Detecting Hardware Trojans with Machine Learning
By Anna McCowan, Software Marketing Engineer
The Internet of Things (IoT) is changing everything – from smart devices to smart infrastructure. Unfortunately, along with it comes the threat of malware and cybersecurity attacks. Because IoT devices can contain components from multiple sources, their hardware and software can include security schemes that range from very sophisticated to nonexistent. Detecting malicious circuitry – or hardware Trojans – becomes more difficult as the number of electronic components increases. As more and more IoT devices enter our everyday lives, engineers must consider new methods to detect hardware Trojans.
Analyzing device current waveforms is one method to identify hardware Trojans in the circuitry. However, today, with fast clock rates and wide, dynamic ranges, engineers must take quick, continuous measurements to capture the waveform in full detail. This can generate huge data files, potentially greater than 1 Terabyte for measurements taken over 24 hours. Sifting through such a massive database manually is a daunting task. It’s easy for hardware Trojans to slip through unnoticed.
Until recently, there wasn’t really a solution to this. Data loggers can capture large amounts of data, but they don’t have the bandwidth to capture high-frequency signals. Oscilloscopes can handle the bandwidth, but they have limited data storage. And neither hardware solution has a built-in way to visualize the data, making it difficult to identify unexpected patterns.
Many technology companies are exploring a new solution for handling these big data challenges: machine learning. Keysight researchers have developed a solution that could analyze terabyte-sized waveform databases orders of magnitude more quickly than conventional techniques. (Figure 1).

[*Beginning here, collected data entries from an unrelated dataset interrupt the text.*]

(* Let $W$ be a complex vector space and $\phi(x,z)$ an associate of the additive formal group with $\phi(x,z)\ne x$. Then every compatible subset of $\mathcal{E}(W)$ is $\phi$-quasi compatible, and every quasi compatible subset of $\mathcal{E}(W)$ is $\phi$-quasi compatible.
   Context: $\mathcal{E}(W)=\mathrm{Hom}(W,W((x)))$. An associate is $\phi(x,z)\in\mathbb{C}((x))[[z]]$ with $\phi(x,0)=x$ and $\phi(\phi(x,x_2),x_0)=\phi(x,x_0+x_2)$; for $p\in\mathbb{C}[[x,y]]$, $p(\phi(x,z),x)\in\mathbb{C}((x))[[z]]$ is the substitution. A finite sequence $a_1(x),\dots,a_r(x)$ in $\mathcal{E}(W)$ is compatible if $\prod_{i<j}(x_i-x_j)^ka_1(x_1)\cdots a_r(x_r)\in\mathrm{Hom}(W,W((x_1,\dots,x_r)))$ for some $k\in\mathbb{N}$; quasi compatible if $\prod_{i<j}p(x_i,x_j)a_1(x_1)\cdots a_r(x_r)\in\mathrm{Hom}(W,W((x_1,\dots,x_r)))$ for some nonzero $p\in\mathbb{C}[[x,y]]$; $\phi$-quasi compatible if this holds for some $p$ with $p(\phi(x,z),x)\ne0$. A subset is (quasi, $\phi$-quasi) compatible if every finite sequence in it is. *)

From mathcomp Require Import all_boot all_order all_algebra.
From mathcomp Require Import boolp classical_sets fsbigop reals.
From mathcomp Require Export complex.
Set Implicit Arguments. Unset Strict Implicit. Unset Printing Implicit Defensive.
Import GRing.Theory Num.Theory.
Local Open Scope ring_scope.
Local Open Scope classical_set_scope.

(* Infinite formal sums are written with the finitely-supported sum
   \sum_(i \in setT) F i of fsbigop; in every place they are used below the
   support is finite for the objects in question, so they are the honest
   (finite) coefficient formulas of products/substitutions of formal series. *)

(* Series in C((x))[[z]] : phi k m = coefficient of z^k x^m.           *)
Definition zser (K : fieldType) := nat -> int -> K.

Definition zmul (K : fieldType) (f g : zser K) : zser K :=
  fun k m => \sum_(i < k.+1) \sum_(l \in [set: int]) f i l * g (k - i)%N (m - l).

Definition zone (K : fieldType) : zser K := fun k m => ((k == 0%N) && (m == 0))%:R.

Definition xser (K : fieldType) : zser K := fun k m => ((k == 0%N) && (m == 1))%:R.

Definition znpow (K : fieldType) (f : zser K) (j : nat) : zser K := iter j (zmul f) (zone K).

Figure 1. Overview of anomalous waveform analytics capabilities
Users can immediately locate questionable signals that cannot be identified by traditional methods. In real-time, the system uses machine learning technology to sort the incoming data and tag waveform segments based on their similarity. It should be noted that the sorting doesn’t have to be perfect; it just requires enough information to detect trends and identify outliers.
As the complexity of our devices continues to increase, the software tools used to evaluate them need to keep pace. In cases where devices are used in mission-critical systems, such as IoT, understanding waveform behavior can make or break the security of your system or device. Security in IoT is important to both the users and the developers. Whether you are designing IoT devices in the industry, home, medical, or education sector, the device’s security must be analyzed prior to product deployment. With machine learning, this analysis has become much easier.